__TASK GOAL__
Return, word for word, only the lines of the data below that lie between the line with "exact: coprime_dvdl (order_dvdG" and the line with "in_2closure (@bar_act _", those two lines included.

(Saved entries)
───

(* Let $\Omega$ be a set and let $G=H\times K\leq{\rm Sym}(\Omega)$ be finite, the internal direct product of subgroups $H,K$ with $\gcd(|H|,|K|)=1$, and suppose $H$ is abelian. Let $\overline{\Omega}=\{\alpha^H\mid\alpha\in\Omega\}$ be the set of $H$-orbits, on which $K$ acts by $(\alpha^H)^k=(\alpha^k)^H$. Suppose $H^{(2),\Omega}=H$ and $K^{(2),\overline{\Omega}}=K$. Then $G^{(2),\Omega}=G$.
   Context: Permutations act on the right. For $X\leq{\rm Sym}(\Omega)$, the $2$-closure of $X$ on $\Omega$ is $X^{(2),\Omega}=\{\theta\in{\rm Sym}(\Omega)\mid \forall \alpha,\beta\in\Omega\ \exists g\in X:\ \alpha^\theta=\alpha^g,\ \beta^\theta=\beta^g\}$. Here $K^{(2),\overline{\Omega}}$ is the $2$-closure on $\overline{\Omega}$ of the permutation group induced by $K$ on $\overline{\Omega}$, and $K^{(2),\overline{\Omega}}=K$ means that this induced group coincides with its $2$-closure (with $K$ identified with its image). *)

(* A permutation group G <= Sym(Omega) on an arbitrary set
   (type) Omega is modelled as a finite group acting faithfully on Omega. *)
From mathcomp Require Import all_boot all_fingroup all_solvable.
From Stdlib Require Import ClassicalEpsilon.

Set Implicit Arguments.
Unset Strict Implicit.
Unset Printing Implicit Defensive.

Local Open Scope group_scope.

Section Defs.
Variables (T : Type) (gT : finGroupType).

Definition is_right_action (to : T -> gT -> T) : Prop :=
  (forall x, to x 1 = x) /\ (forall x a b, to x (a * b) = to (to x a) b).

Definition faithful_on (to : T -> gT -> T) (X : {set gT}) : Prop :=
  forall g, g \in X -> (forall x, to x g = x) -> g = 1.

Definition induced_by (to : T -> gT -> T) (X : {set gT}) (theta : T -> T) : Prop :=
  exists2 g, g \in X & forall x, theta x = to x g.

Definition in_2closure (to : T -> gT -> T) (X : {set gT}) (theta : T -> T) : Prop :=
  bijective theta /\
  forall a b, exists2 g, g \in X & theta a = to a g /\ theta b = to b g.

Definition two_closed (to : T -> gT -> T) (X : {set gT}) : Prop :=
  forall theta : T -> T, in_2closure to X theta <-> induced_by to X theta.

Definition horbit (to : T -> gT -> T) (H : {set gT}) (a : T) : T -> Prop :=
  fun b => exists2 h, h \in H & b = to a h.

Definition Obar (to : T -> gT -> T) (H : {set gT}) : Type :=
  {A : T -> Prop | exists a, A = horbit to H a}.

Definition horb (to : T -> gT -> T) (H : {set gT}) (a : T) : Obar to H :=
  exist _ (horbit to H a) (ex_intro _ a erefl).

Definition orep (to : T -> gT -> T) (H : {set gT}) (A : Obar to H) : T :=
  proj1_sig (constructive_indefinite_description _ (proj2_sig A)).

Definition bar_act (to : T -> gT -> T) (H : {set gT}) (A : Obar to H) (k : gT)
  : Obar to H := horb to H (to (orep A) k).

End Defs.

(* An element theta of G^(2) permutes the H-orbits, because G normalises H,
   and the permutation it induces on them lies in K^(2) because H acts
   trivially on its own orbits; so theta agrees on the orbits with some k0 in K,
   and theta' := theta k0^-1 fixes every H-orbit. For points a, b take g = hk
   in G agreeing with theta on both; then for x in {a, b}, y := x^h and
   k' := k k0^-1 we have y^k' = theta'(x) in x^H = y^H, say y^k' = y^h'.
   Since h' and k' commute and have coprime orders, this forces y^k' = y, so
   theta' agrees with h on a and b. Thus theta' lies in H^(2) = H and
   theta = theta' k0 lies in G. *)
From mathcomp Require Import all_boot all_fingroup all_solvable.
From Stdlib Require Import ClassicalEpsilon ProofIrrelevance.
From Stdlib Require Import FunctionalExtensionality PropExtensionality.

Set Implicit Arguments.
Unset Strict Implicit.
Unset Printing Implicit Defensive.

Local Open Scope group_scope.

Definition pairwise_induced (T : Type) (gT : finGroupType) (to : T -> gT -> T)
    (X : {set gT}) (theta : T -> T) : Prop :=
  forall a b, exists2 g, g \in X & theta a = to a g /\ theta b = to b g.

Definition bar_map (T : Type) (gT : finGroupType) (to : T -> gT -> T)
    (H : {set gT}) (phi : T -> T) (A : Obar to H) : Obar to H :=
  horb to H (phi (orep A)).
Arguments bar_map {T gT} to H phi A.

Section RightAction.

Variables (T : Type) (gT : finGroupType) (to : T -> gT -> T).
Hypotheses (act1 : forall x, to x 1 = x)
           (actM : forall x a b, to x (a * b) = to (to x a) b).

Lemma actK x g : to (to x g) g^-1 = x.
Proof. by rewrite -actM mulgV act1. Qed.

Lemma actKV x g : to (to x g^-1) g = x.
Proof. by rewrite -actM mulVg act1. Qed.

Lemma actX_fix x g n : to x g = x -> to x (g ^+ n) = x.
Proof. by move=> xg; elim: n => [|n IHn]; rewrite ?act1 // expgS actM xg. Qed.

Lemma act_commute_coprime_fix x h k :
  commute h k -> coprime #[h] #[k] -> to x k = to x h -> to x k = x.
Proof.
move=> chk co_hk xkh.
have xXkh n : to x (k ^+ n) = to x (h ^+ n).
  elim: n => [|n IHn]; first by rewrite !expg0.
  by rewrite expgS actM xkh -actM (commuteX2 1 n chk) actM IHn -actM -expgSr.
have fix_hk : to x (h ^+ #[k]) = x by rewrite -xXkh expg_order act1.
have : h \in <[h ^+ #[k]]>.
  have /eqP <- : generator <[h]> (h ^+ #[k]) by rewrite generator_coprime.
  exact: cycle_id.
by case/cycleP=> j hE; rewrite xkh hE actX_fix.
Qed.

Lemma induced_in_2closure (X : {set gT}) theta :
  induced_by to X theta -> in_2closure to X theta.
Proof.
case=> g gX thetaE; split; last by move=> a b; exists g; rewrite ?thetaE.
by exists (to^~ g^-1) => x; rewrite thetaE ?actK // -{2}(invgK g) actK.
Qed.

Lemma pairwise_induced_inv (X : {group gT}) theta theta' :
  cancel theta' theta -> pairwise_induced to X theta ->
  pairwise_induced to X theta'.
Proof.
move=> thetaK Xtheta a b; have [g gX [ea eb]] := Xtheta (theta' a) (theta' b).
by exists g^-1; rewrite ?groupV // -{2}(thetaK a) -{2}(thetaK b) ea eb !actK.
Qed.

Variable H : {group gT}.

Lemma horb_orep (A : Obar to H) : horb to H (orep A) = A.
Proof.
have := proj2_sig (constructive_indefinite_description _ (proj2_sig A)).
rewrite /orep /horb; case: A => P p /= eP.
by apply: ProofIrrelevanceTheory.subset_eq_compat; rewrite -eP.
Qed.

Lemma horbE x y : horb to H x = horb to H y <-> horbit to H x = horbit to H y.
Proof.
split; first by move/(f_equal (@proj1_sig _ _)).
exact: ProofIrrelevanceTheory.subset_eq_compat.
Qed.

Lemma horbit_act x h : h \in H -> horbit to H (to x h) = horbit to H x.
Proof.
move=> hH; apply: functional_extensionality => y.
apply: propositional_extensionality; split.
  by case=> h' h'H ->; exists (h * h'); rewrite ?groupM // actM.
case=> h' h'H ->; exists (h^-1 * h'); rewrite ?groupM ?groupV //.
by rewrite -actM mulKVg.
Qed.

Lemma horb_act x h : h \in H -> horb to H (to x h) = horb to H x.
Proof. by move=> hH; apply/horbE/horbit_act. Qed.

Lemma horb_eqP x y :
  horb to H x = horb to H y -> exists2 h, h \in H & y = to x h.
Proof.
move/horbE=> xy; have : horbit to H y y by exists 1; rewrite ?act1.
by rewrite -xy.
Qed.

Lemma horb_act_norm x y g :
  g \in 'N(H) -> horb to H x = horb to H y ->
  horb to H (to x g) = horb to H (to y g).
Proof.
move=> nHg /horb_eqP[h hH ->].
by rewrite -actM conjgC actM (horb_act (to x g)) // memJ_norm.
Qed.

Lemma pairwise_induced_horb (G : {group gT}) phi x y :
  G \subset 'N(H) -> pairwise_induced to G phi ->
  horb to H x = horb to H y -> horb to H (phi x) = horb to H (phi y).
Proof.
move=> nHG Gphi xy; have [g gG [-> ->]] := Gphi x y.
exact: horb_act_norm (subsetP nHG g gG) xy.
Qed.

Lemma bar_mapE (G : {group gT}) phi x :
  G \subset 'N(H) -> pairwise_induced to G phi ->
  bar_map to H phi (horb to H x) = horb to H (phi x).
Proof.
by move=> nHG /(pairwise_induced_horb nHG); apply; rewrite horb_orep.
Qed.

Lemma bar_act_horb x g :
  g \in 'N(H) -> bar_act (horb to H x) g = horb to H (to x g).
Proof. by move=> nHg; apply: horb_act_norm; rewrite ?horb_orep. Qed.

Lemma bar_map_comp (G : {group gT}) phi psi A :
  G \subset 'N(H) -> pairwise_induced to G psi ->
  bar_map to H psi (bar_map to H phi A) = bar_map to H (psi \o phi) A.
Proof. exact: bar_mapE. Qed.

Lemma bar_map_bij (G : {group gT}) phi :
  G \subset 'N(H) -> in_2closure to G phi -> bijective (bar_map to H phi).
Proof.
move=> nHG [[phi' phiK phiK'] Gphi].
have Gphi' := pairwise_induced_inv phiK' Gphi.
exists (bar_map to H phi') => A.
  by rewrite (bar_map_comp _ _ nHG Gphi') /bar_map /= phiK horb_orep.
by rewrite (bar_map_comp _ _ nHG Gphi) /bar_map /= phiK' horb_orep.
Qed.

Section DirectProduct.

Variables (G K : {group gT}).
Hypotheses (dpG : H \x K = G) (coHK : coprime #|H| #|K|).

Let nHG : G \subset 'N(H).
Proof. by have [/normal_norm] := dprod_normal2 dpG. Qed.

Let cHK h k : h \in H -> k \in K -> commute h k.
Proof. by have [_ _ /centsP cKH _] := dprodP dpG => hH kK; apply/esym/cKH. Qed.

Let sKG : K \subset G.
Proof. by have [_ <- _ _] := dprodP dpG; rewrite mulG_subr. Qed.

Lemma horb_dprod x h k :
  h \in H -> k \in K -> horb to H (to x (h * k)) = horb to H (to x k).
Proof. by move=> hH kK; rewrite cHK // actM horb_act. Qed.

Lemma dprod_fix_horb x k :
  k \in K -> horb to H (to x k) = horb to H x -> to x k = x.
Proof.
move=> kK /esym/horb_eqP[h hH xkh]; apply: act_commute_coprime_fix xkh.
  exact: cHK.
exact: coprime_dvdl (order_dvdG hH) (coprime_dvdr (order_dvdG kK) coHK).
Qed.

Section TwoClosureElement.

Variable theta : T -> T.
Hypothesis Gtheta : in_2closure to G theta.

Lemma bar_map_in_2closure :
  in_2closure (@bar_act _ _ to H) K (bar_map to H theta).
Proof.
split; first exact: bar_map_bij Gtheta.
move=> A B; have [g gG [ea eb]] := Gtheta.2 (orep A) (orep B).
have [h [k [hH kK gE _]]] := mem_dprod dpG gG.
by exists k; rewrite // /bar_map /bar_act ea eb gE !horb_dprod.
Qed.

Variable k0 : gT.
Hypotheses (k0K : k0 \in K)
           (thetaE : forall x, horb to H (theta x) = horb to H (to x k0)).

Lemma horb_thetaV x : horb to H (to (theta x) k0^-1) = horb to H x.
Proof.
rewrite (horb_act_norm _ (thetaE x)) ?actK //.
by rewrite (subsetP nHG) ?groupV ?(subsetP sKG).
Qed.

Lemma thetaV_in_2closure : in_2closure to H (fun x => to (theta x) k0^-1).
Proof.
have [[theta' thetaK thetaK'] Gth] := Gtheta.
split.
  exists (fun x => theta' (to x k0)) => x; first by rewrite actKV thetaK.
  by rewrite thetaK' actK.
move=> a b; have [g gG [ea eb]] := Gth a b.
have [h [k [hH kK eg _]]] := mem_dprod dpG gG.
have kk0K : k * k0^-1 \in K by rewrite groupM ?groupV.
suff thetaVE x : theta x = to x g -> to (theta x) k0^-1 = to x h.
  by exists h; rewrite // !thetaVE.
move=> thx; have thxV : to (theta x) k0^-1 = to (to x h) (k * k0^-1).
  by rewrite thx eg -!actM mulgA.
by rewrite thxV dprod_fix_horb // -thxV horb_thetaV horb_act.
Qed.

End TwoClosureElement.

Lemma two_closed_dprod :
  two_closed to H -> two_closed (@bar_act _ _ to H) K -> two_closed to G.
Proof.
move=> cH cK theta; split; last exact: induced_in_2closure.
move=> Gtheta; have [k0 k0K barE] := (cK _).1 (bar_map_in_2closure Gtheta).
have thetaE x : horb to H (theta x) = horb to H (to x k0).
  rewrite -(bar_mapE _ nHG Gtheta.2) barE bar_act_horb //.
  by rewrite (subsetP nHG) ?(subsetP sKG).
have [h0 h0H thetaVE] := (cH _).1 (thetaV_in_2closure Gtheta k0K thetaE).
exists (h0 * k0); last by move=> x; rewrite actM -thetaVE actKV.
by rewrite -(dprodW dpG) mem_mulg.
Qed.

End DirectProduct.

End RightAction.

Theorem mainTheorem5 (T : Type) (gT : finGroupType) (to : T -> gT -> T)
    (G H K : {group gT}) :
  is_right_action to ->
  faithful_on to G ->
  (H \x K = G)%g ->
  coprime #|H| #|K| ->
  abelian H ->
  two_closed to H ->
  two_closed (bar_act (to := to) (H := H)) K ->
  two_closed to G.
Proof. by move=> [act1 actM] _ dpG coHK _; apply: two_closed_dprod. Qed.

───

__ANSWER BOX__
exact: coprime_dvdl (order_dvdG hH) (coprime_dvdr (order_dvdG kK) coHK).
Qed.

Section TwoClosureElement.

Variable theta : T -> T.
Hypothesis Gtheta : in_2closure to G theta.

Lemma bar_map_in_2closure :
  in_2closure (@bar_act _ _ to H) K (bar_map to H theta).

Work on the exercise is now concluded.